Letting Go

A winter's day in the mid 1990s.

A winter's day in the mid 1990s.

I wrote this piece about four years ago while on a workshop in Antarctica.

It’s for the parents out there.

Earlier today I was thinking of the beautiful, sunny, summer afternoon 17 year ago in Croton-On-Hudson, NY. My neighbor, Earl, and I were teaching my 6-year-old son, Marco, how to ride a two-wheel bike. The training wheels were set neatly on the curb next to the tools that we used to remove them. I thought for a moment about how important these training wheels were for Marco at one point in is life, but no longer.

Marco was a bit nervous as I ran with him and pushed him down the street at what I am surely seemed to him like 80 miles an hour. He wobbled for a bit, almost lost his balance, but then rode almost straight as an arrow to the end of the street. He swung around. His beaming smile looking back at us said it all: You let go and I did it!

Of course, I had tears in my eyes. They were tears of joy – shed because I was so proud of Marco, and because I knew that it was the beginning of the letting go process – a process that lasts a lifetime. It’s a process that’s filled with happiness, pure joy and a touch of sadness.

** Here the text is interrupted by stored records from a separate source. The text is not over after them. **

Let qn_Gamma n : is_mechanism Gamma (qn n) (sn n). Proof. by case: (qsn_adm n). Qed.
Let qsn_IC n : IC (qn n) (sn n). Proof. by case: (qsn_adm n). Qed.
Let qsn_IR n : IR (qn n) (sn n). Proof. by case: (qsn_adm n). Qed.
Let qn_mono n : alloc_monotonic (qn n). Proof. by case: (qsn_adm n). Qed.

Let sn_ge0 n x : orthant x -> 0 <= sn n x.
Proof. exact (payment_ge0 (qsn_IC n) (qn_mono n) (sn0 n)). Qed.

Let sn_le n x : orthant x -> sn n x <= B * \sum_(i < k) x ord0 i.
Proof. exact (payment_le Gamma_le (qn_Gamma n) (qsn_IR n)). Qed.

Definition is_dyadic (y : 'rV[R]_k) := exists m z, y = dyadic_point R m z.

Lemma is_dyadic_orthant y : is_dyadic y -> orthant y.
Proof. by move=> [m [z ->]]; apply: orthant_dyadic_point. Qed.

Lemma is_dyadic_ceilv m x : is_dyadic (dyadic_ceilv m x).
Proof. by exists m, (dyadic_index m x). Qed.

Definition dyadic_value (i : (nat * {ffun 'I_k -> nat}) * option 'I_k) n : R :=
  let: ((m, z), c) := i in
  if c is Some c then qn n (dyadic_point R m z) ord0 c else sn n (dyadic_point R m z).

Lemma dyadic_value_bounded i : exists M, forall n, `|dyadic_value i n| <= M.
Proof.
case: i => [[m z] [c|]] /=; have z0 := orthant_dyadic_point R m z.
  exists B => n; rewrite ger0_norm; last exact: Gamma_orthant (qn_Gamma n z0) c.
  exact: Gamma_le (qn_Gamma n z0) c.
exists (B * \sum_(i < k) dyadic_point R m z ord0 i) => n.
by rewrite ger0_norm ?sn_le ?sn_ge0.
Qed.

Definition diag_subseq : nat -> nat :=
  s2val (cid2 (diagonal_extraction dyadic_value_bounded)).

Lemma diag_subseq_ge n : (n <= diag_subseq n)%N.
Proof. exact: (s2valP (cid2 (diagonal_extraction dyadic_value_bounded))). Qed.

Lemma cvg_dyadic_value i : cvgn (fun n => dyadic_value i (diag_subseq n)).
Proof. exact: (s2valP' (cid2 (diagonal_extraction dyadic_value_bounded))). Qed.

Definition dyadic_alloc (y : 'rV[R]_k) : 'rV[R]_k :=
  \row_c limn (fun n => qn (diag_subseq n) y ord0 c).
Definition dyadic_pay (y : 'rV[R]_k) : R := limn (fun n => sn (diag_subseq n) y).

Lemma cvg_dyadic_alloc y c : is_dyadic y ->
  (fun n => qn (diag_subseq n) y ord0 c) @ \oo --> dyadic_alloc y ord0 c.
Proof.
by move=> [m [z ->]]; rewrite mxE; have := @cvg_dyadic_value ((m, z), Some c).
Qed.

Lemma cvg_dyadic_pay y : is_dyadic y ->
  (fun n => sn (diag_subseq n) y) @ \oo --> dyadic_pay y.
Proof. by move=> [m [z ->]]; have := @cvg_dyadic_value ((m, z), None). Qed.

Lemma cvg_dyadic_utility y v : is_dyadic y ->
  (fun n => dotv (qn (diag_subseq n) y) v - sn (diag_subseq n) y) @ \oo -->
  dotv (dyadic_alloc y) v - dyadic_pay y.
Proof.
move=> y_dy; apply: cvgB (cvg_dyadic_pay y_dy).
by apply: (cvg_dotv (b := fun=> v)) => i; [exact: cvg_dyadic_alloc|exact: cvg_cst].
Qed.

Lemma dyadic_alloc_Gamma y : is_dyadic y -> Gamma (dyadic_alloc y).
Proof.
move=> y_dy; apply: (closed_cvg_rV Gamma_closed (v := fun n => qn (diag_subseq n) y)).
  by move=> n; apply/qn_Gamma/is_dyadic_orthant.
by move=> i; apply: cvg_dyadic_alloc.
Qed.

Lemma dyadic_IC y y' : is_dyadic y -> is_dyadic y' ->
  dotv (dyadic_alloc y') y - dyadic_pay y' <= dotv (dyadic_alloc y) y - dyadic_pay y.
Proof.
move=> y_dy y'_dy.
apply: ler_cvgn (cvg_dyadic_utility (v := y) y'_dy) (cvg_dyadic_utility (v := y) y_dy) _.
by move=> n; apply: qsn_IC; apply: is_dyadic_orthant.
Qed.

Lemma dyadic_IR y : is_dyadic y -> 0 <= dotv (dyadic_alloc y) y - dyadic_pay y.
Proof.
move=> y_dy; apply: ler_cvgn (cvg_cst 0) (cvg_dyadic_utility (v := y) y_dy) _.
by move=> n; apply: qsn_IR; apply: is_dyadic_orthant.
Qed.

Lemma dyadic_alloc_mono y y' : is_dyadic y -> is_dyadic y' -> vle y y' ->
  vle (dyadic_alloc y) (dyadic_alloc y').
Proof.
move=> y_dy y'_dy yy' c.
apply: ler_cvgn (cvg_dyadic_alloc (c := c) y_dy) (cvg_dyadic_alloc (c := c) y'_dy) _ => n.
by apply: qn_mono => //; apply: is_dyadic_orthant.
Qed.

Lemma dyadic_pay_mono y y' : is_dyadic y -> is_dyadic y' -> vle y y' ->
  dyadic_pay y <= dyadic_pay y'.
Proof.
move=> y_dy y'_dy yy'; apply: ler_cvgn (cvg_dyadic_pay y_dy) (cvg_dyadic_pay y'_dy) _ => n.
by apply: payment_mono (qsn_IC _) (qn_mono _) _ _ yy'; apply: is_dyadic_orthant.
Qed.

Lemma dyadic_pay_ge0 y : is_dyadic y -> 0 <= dyadic_pay y.
Proof.
move=> y_dy; apply: ler_cvgn (cvg_cst 0) (cvg_dyadic_pay y_dy) _ => n.
by apply/sn_ge0/is_dyadic_orthant.
Qed.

Letting go of Marco when my wife and I dropped him off at summer camp when he was 10 was never easy for any of us. The first year we all had tears in our eyes when Marco ran off to find his friends. When we picked him up two weeks later, he ran to us as fast as humanly possible. The second year drop-off was also emotional for all of us, but when we picked up Marco, his pace was a bit slower, as he slowly waved goodbye to his new friends.

Another major letting go experience happened when we sold Marco our old car when he was 16. I remember him turning around the Honda Civic Hybrid in our driveway and pulling away – waving to me to seemingly say, “I’ll be OK dad, you will be OK, too.” Or put another way, “You’re letting go, I can do it!”

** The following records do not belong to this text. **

(* Let $C^*\ge10^6$ be the fixed constant of the context and let $\mathbf{A}\in[-1,1]^{m\times n}$ with $n\ge C^*\cdot m$. With probability at least $0.99$ over its random bits $\mathbf{r}$, the procedure $\textsc{ColumnReductionSampling}$ described in the context does not return $\bot$ and returns $\mathbf{x}_T\in[-1,1]^n$ with $|\{i\in[n]:|\mathbf{x}_T(i)|=1\}|=0.9n$ and $\|\mathbf{A}\mathbf{x}_T\|_\infty=0$. Moreover, for different random seeds $\mathbf{r}\neq\mathbf{r}'$, the outputs $\mathbf{x}_T$ and $\mathbf{x}'_T$ of the procedure on $\mathbf{r}$ and $\mathbf{r}'$ differ on some entry $i$ at which both lie in $\{\pm1\}$.
   Context: Leverage scores: for a linear subspace $H\subseteq\mathbb{R}^S$ and $i\in S$, $\tau_i(H)=\max_{\mathbf{u}\in H\setminus\{0\}}\mathbf{u}(i)^2/\|\mathbf{u}\|_2^2$. If $\psi_1,\dots,\psi_d$ is an orthonormal basis of $H$, then $\tau_i(H)=\sum_j\psi_j(i)^2$ and $\textsc{FindVector}(H,i)$ returns $\mathbf{u}=(\sum_j\psi_j(i)\psi_j)/(\sum_j\psi_j(i)^2)$, the vector of $H$ with $\mathbf{u}(i)=1$ and $\|\mathbf{u}\|_2^2=1/\tau_i(H)$. For $\mathbf{v}\in\mathbb{R}^n$ and $S\subseteq[n]$, $\mathbf{v}(S)$ is its restriction to $S$; vectors in $\mathbb{R}^S$ are extended by zero to $\mathbb{R}^n$. Procedure $\textsc{ColumnReductionSampling}$ with parameters $\eta=0.1$, $T=0.9n$, $\gamma=0.0001$, $\delta=0.05$: set $\mathbf{x}_0=\vec 0$. For $t=0,\dots,T-1$: let $\mathcal{F}_t=\{i:|\mathbf{x}_t(i)|=1\}$, $\mathcal{D}_t=\{i:|\mathbf{x}_t(i)|\ge1-\eta\}$; let $H_t$ be the subspace of $\mathbb{R}^{[n]\setminus\mathcal{D}_t}$ orthogonal to $\mathbf{x}_t([n]\setminus\mathcal{D}_t)$ and to every $\mathbf{A}(j,[n]\setminus\mathcal{D}_t)$, $j\in[m]$; find the first coordinate $k_t\notin\mathcal{D}_t$ with $\tau_{k_t}(H_t)\ge1-\gamma$ and $|\mathbf{x}_t(k_t)|\le\delta$ (return $\bot$ if none exists); let $\mathbf{u}_t=\textsc{FindVector}(H_t,k_t)$; with $\delta_t=\mathbf{x}_t(k_t)$, set $\mathbf{r}(t+1)=1$ with probability $\frac{1+\delta_t}{2}$ and $\mathbf{r}(t+1)=-1$ otherwise; choose $\alpha_t\in\mathbb{R}$ so that $\mathbf{x}_{t+1}=\mathbf{x}_t+\alpha_t\mathbf{u}_t$ satisfies $\mathbf{x}_{t+1}(k_t)=\mathbf{r}(t+1)$. Return $\mathbf{x}_T$. The sequence $\mathbf{r}\in\{\pm1\}^T$ is the random seed. *)

From HB Require Import structures.
From mathcomp Require Import all_boot all_order all_algebra.
From mathcomp Require Import boolp classical_sets reals.
Set Implicit Arguments. Unset Strict Implicit. Unset Printing Implicit Defensive.
Import Order.TTheory GRing.Theory Num.Theory.
Local Open Scope ring_scope.
Local Open Scope classical_set_scope.

(* Vectors of R^n are row vectors 'rV[R]_n; v ord0 i is the entry v(i). *)
Section ColumnReductionSampling.
Variable R : realType.
Variables m n : nat.
Variable A : 'M[R]_(m, n).

Definition crs_eta : R := 1 / 10.
Definition crs_gamma : R := 1 / 10000.
Definition crs_delta : R := 1 / 20.

Definition sqnorm (u : 'rV[R]_n) : R := \sum_(j < n) (u ord0 j) ^+ 2.

(* tau_i(H) = max_{u in H \ {0}} u(i)^2 / ||u||_2^2 (the max exists; we take the sup). *)
Definition leverage (H : set 'rV[R]_n) (i : 'I_n) : R :=
  sup [set (u ord0 i) ^+ 2 / sqnorm u | u in H `&` [set u | u != 0]].

(* FindVector(H,i): the vector u of H with u(i) = 1 and ||u||^2 = 1/tau_i(H)
   (this vector is unique; it equals (sum_j psi_j(i) psi_j)/(sum_j psi_j(i)^2)
   for any orthonormal basis psi of H). *)
Definition find_vector (H : set 'rV[R]_n) (i : 'I_n) : 'rV[R]_n :=
  xget 0 [set u | H u /\ u ord0 i = 1 /\ sqnorm u = (leverage H i)^-1].

Definition Dset (x : 'rV[R]_n) : {set 'I_n} :=
  [set i | 1 - crs_eta <= `|x ord0 i|].

(* H_t : the subspace of R^{[n] \ D_t} (extended by zero to R^n) orthogonal to
   x_t([n] \ D_t) and to every row A(j, [n] \ D_t). *)
Definition Hsub (x : 'rV[R]_n) : set 'rV[R]_n :=
  [set v | (forall i, i \in Dset x -> v ord0 i = 0)
         /\ \sum_(i < n | i \notin Dset x) v ord0 i * x ord0 i = 0
         /\ (forall j : 'I_m, \sum_(i < n | i \notin Dset x) A j i * v ord0 i = 0)].

(* k_t : the first coordinate (in the order 0,1,...,n-1) outside D_t with
   tau_k(H_t) >= 1 - gamma and |x_t(k)| <= delta; None encodes bot. *)
Definition pick_k (x : 'rV[R]_n) : option 'I_n :=
  ohead [seq k <- enum 'I_n | (k \notin Dset x)
            && (1 - crs_gamma <= leverage (Hsub x) k)
            && (`|x ord0 k| <= crs_delta)].

Definition sgnb (b : bool) : R := if b then 1 else -1.

(* One iteration with random bit b = r(t+1): returns (k_t, x_{t+1}) where
   x_{t+1} = x_t + alpha_t u_t, alpha_t = r(t+1) - x_t(k_t) (so that
   x_{t+1}(k_t) = r(t+1), as u_t(k_t) = 1); None encodes bot. *)
Definition crs_step (x : 'rV[R]_n) (b : bool) : option ('I_n * 'rV[R]_n) :=
  match pick_k x with
  | None => None
  | Some k => let u := find_vector (Hsub x) k in
              Some (k, x + (sgnb b - x ord0 k) *: u)
  end.

Fixpoint run_from (x : 'rV[R]_n) (bits : seq bool) : option 'rV[R]_n :=
  match bits with
  | [::] => Some x
  | b :: bs => match crs_step x b with
               | None => None
               | Some (_, x') => run_from x' bs
               end
  end.

(* Probability weight of a seed: bit r(t+1) equals +1 with probability
   (1 + delta_t)/2 and -1 otherwise, delta_t = x_t(k_t). Once the procedure
   has returned bot, the (unused) remaining bits are taken to be fair coins. *)
Fixpoint weight_from (x : 'rV[R]_n) (bits : seq bool) : R :=
  match bits with
  | [::] => 1
  | b :: bs => match crs_step x b with
               | None => (2^-1) ^+ size bits
               | Some (k, x') => (1 + sgnb b * x ord0 k) / 2 * weight_from x' bs
               end
  end.

Definition crs_run (T : nat) (r : T.-tuple bool) : option 'rV[R]_n :=
  run_from 0 r.

Definition crs_weight (T : nat) (r : T.-tuple bool) : R := weight_from 0 r.

Definition crs_good (T : nat) (r : T.-tuple bool) : bool :=
  match crs_run r with
  | None => false
  | Some x => [forall i, `|x ord0 i| <= 1]
              && (#|[set i | `|x ord0 i| == 1]| == T)
              && (\big[Num.max/0]_(j < m) `|\sum_(i < n) A j i * x ord0 i| == 0)
  end.

End ColumnReductionSampling.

Of course there were many more “letting go” moments – first band practice, first snowboarding trip, first late-night get-together at the local diner, first drive to see a girlfriend.

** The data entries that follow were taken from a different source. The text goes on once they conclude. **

Lemma continuity_pt_extend0 f :
  right_cont0 f -> (forall t, 0 < t -> continuity_pt f t) ->
  forall t, 0 <= t -> continuity_pt (extend0 f) t.
Proof.
  intros Hf0 Hf t Ht eps Heps.
  unfold dist; simpl; unfold R_dist.
  destruct (Rle_lt_or_eq_dec _ _ Ht) as [Htpos | <-].
  - destruct (Hf t Htpos eps Heps) as [d [Hd Hclose]].
    exists (Rmin d t); split; [now apply Rmin_pos |].
    intros x [_ Hx]; simpl in Hx; unfold R_dist in Hx.
    pose proof (Rmin_l d t); pose proof (Rmin_r d t).
    apply Rabs_def2 in Hx as Hx'.
    rewrite !extend0_eq by lra.
    destruct (Req_dec x t) as [-> | Hxt].
    + rewrite Rminus_diag, Rabs_R0; lra.
    + apply Hclose; split; [split; [exact I | auto] |].
      simpl; unfold R_dist; apply Rabs_def1; lra.
  - destruct (Hf0 eps Heps) as [d [Hd Hclose]].
    exists d; split; [exact Hd |].
    intros x [_ Hx]; simpl in Hx; unfold R_dist in Hx.
    rewrite Rminus_0_r in Hx; apply Rabs_def2 in Hx.
    rewrite (extend0_eq f 0) by lra; unfold extend0.
    destruct (Rle_dec x 0).
    + rewrite Rmax_left, Rminus_diag, Rabs_R0 by lra; exact Heps.
    + rewrite Rmax_right by lra; apply Hclose; lra.
Qed.

Lemma continuity_pt_extend0_of_derivable f f' :
  right_cont0 f -> (forall t, 0 < t -> derivable_pt_lim f t (f' t)) ->
  forall t, 0 <= t -> continuity_pt (extend0 f) t.
Proof.
  intros Hf0 Hf'; apply continuity_pt_extend0; [exact Hf0 |].
  intros t Ht; apply derivable_continuous_pt; exists (f' t); exact (Hf' t Ht).
Qed.

Lemma derivable_pt_lim_extend0 f t l :
  0 < t -> derivable_pt_lim f t l -> derivable_pt_lim (extend0 f) t l.
Proof.
  intros Ht Hf eps Heps.
  destruct (Hf eps Heps) as [d Hd].
  assert (Hpos : 0 < Rmin d t) by (apply Rmin_pos; [apply cond_pos | exact Ht]).
  exists (mkposreal _ Hpos); simpl; intros k Hk0 Hk.
  pose proof (Rmin_l d t); pose proof (Rmin_r d t).
  apply Rabs_def2 in Hk as Hk'.
  rewrite !extend0_eq by lra.
  apply Hd; [exact Hk0 | lra].
Qed.

Lemma derivable_pt_lim_exp_scal c x :
  derivable_pt_lim (fun y => exp (c * y)) x (c * exp (c * x)).
Proof.
  assert (Hlin := derivable_pt_lim_scal id c x 1 (derivable_pt_lim_id x)).
  rewrite Rmult_1_r in Hlin.
  rewrite Rmult_comm.
  exact (derivable_pt_lim_comp (fun y => c * y) exp x c _ Hlin (derivable_pt_lim_exp _)).
Qed.

Lemma nonincreasing_of_derive_nonpos F F' a b :
  a <= b ->
  (forall x, a < x < b -> derivable_pt_lim F x (F' x)) ->
  (forall x, a < x < b -> F' x <= 0) ->
  (forall x, a <= x <= b -> continuity_pt F x) ->
  F b <= F a.
Proof.
  intros Hab HF' Hneg HF.
  destruct (Rle_lt_or_eq_dec _ _ Hab) as [Hlt | <-]; [| lra].
  destruct (MVT F id a b (fun c Hc => exist _ (F' c) (HF' c Hc))
              (fun c _ => derivable_pt_id c) Hlt HF
              (fun c _ => derivable_continuous_pt _ _ (derivable_pt_id c)))
    as [c [Hc Hmvt]].
  rewrite derive_pt_id in Hmvt; simpl in Hmvt.
  assert (F' c <= 0) by (apply Hneg; exact Hc); unfold id in Hmvt; nra.
Qed.

Lemma pos_of_nonvanishing f T :
  (forall t, 0 <= t -> continuity_pt f t) -> 0 < f 0 ->
  (forall t, 0 <= t <= T -> f t <> 0) ->
  forall t, 0 <= t <= T -> 0 < f t.
Proof.
  intros Hf H0 Hnz t Ht.
  destruct (Rle_lt_or_eq_dec 0 t (proj1 Ht)) as [Htpos | <-]; [| exact H0].
  destruct (Rtotal_order (f t) 0) as [Hneg | [Hzero | Hpos]];
    [exfalso | now exfalso; apply (Hnz t) | exact Hpos].
  destruct (Ranalysis5.IVT_interv (fun x => - f x) 0 t) as [z [Hz Hfz]];
    [intros x Hx; apply continuity_pt_opp, Hf; lra | exact Htpos | lra | lra |].
  apply (Hnz z); lra.
Qed.

(* If X t < 0, then X^2 e^(-2 K u) is nonincreasing on [0, t] for a bound K of |k|,
   so X has no zero on [0, t] although it changes sign there. *)
Lemma nonneg_of_linear_ode X k :
  (forall u, 0 <= u -> continuity_pt X u) ->
  (forall u, 0 <= u -> continuity_pt k u) ->
  (forall u, 0 < u -> derivable_pt_lim X u (X u * k u)) ->
  0 <= X 0 -> forall t, 0 <= t -> 0 <= X t.
Proof.
  intros HX Hk HX' HX0 t Ht.
  destruct (Rle_or_lt 0 (X t)) as [| Hneg]; [assumption | exfalso].
  destruct (continuity_ab_maj (fun u => Rabs (k u)) 0 t Ht) as [umax [Hmax _]].
  { intros u Hu; apply (continuity_pt_comp k Rabs), Rcontinuity_abs; apply Hk; lra. }
  set (K := Rabs (k umax)).
  set (V := fun u => X u * X u * exp (-2 * K * u)).
  assert (HV : forall u, 0 <= u <= t -> V t <= V u).
  { intros u Hu.
    apply (nonincreasing_of_derive_nonpos V
             (fun x => 2 * (k x - K) * (X x * X x * exp (-2 * K * x)))); [lra | | |].
    - intros x Hx; unfold V.
      assert (HXx := HX' x ltac:(lra)).
      replace (2 * (k x - K) * (X x * X x * exp (-2 * K * x)))
        with ((X x * k x * X x + X x * (X x * k x)) * exp (-2 * K * x)
              + X x * X x * (-2 * K * exp (-2 * K * x))) by ring.
      apply (derivable_pt_lim_mult (fun y => X y * X y) (fun y => exp (-2 * K * y))).
      + exact (derivable_pt_lim_mult X X x _ _ HXx HXx).
      + apply derivable_pt_lim_exp_scal.
    - intros x Hx.
      assert (k x <= K) by (eapply Rle_trans; [apply Rle_abs | apply Hmax; lra]).
      assert (0 <= X x * X x * exp (-2 * K * x))
        by (apply Rmult_le_pos; [nra | apply Rlt_le, exp_pos]).
      nra.
    - intros x Hx; unfold V.
      assert (HXx := HX x ltac:(lra)); reg. }
  assert (Hnz : forall u, 0 <= u <= t -> X u <> 0).
  { intros u Hu Hzero; specialize (HV u Hu); unfold V in HV.
    rewrite Hzero, !Rmult_0_l in HV.
    assert (HXt2 : 0 < X t * X t) by nra.
    pose proof (Rmult_lt_0_compat _ _ HXt2 (exp_pos (-2 * K * t))); lra. }
  assert (HX0pos : 0 < X 0).
  { destruct HX0 as [| HX0]; [assumption |].
    exfalso; apply (Hnz 0); [lra | now symmetry]. }
  pose proof (pos_of_nonvanishing X t HX HX0pos Hnz t ltac:(lra)); lra.
Qed.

There will be many more to come.

For a long time I have been thinking about why letting to is so hard for me. My guess is that I cherish each and every moment and experience with Marco so very much, that when it will be my time to let go, for the last time, I wonder what I will say to Marco. Probably, something like this: We all have to let go sometime, buddy. You did it, now it’s my turn. That’s for practicing with me.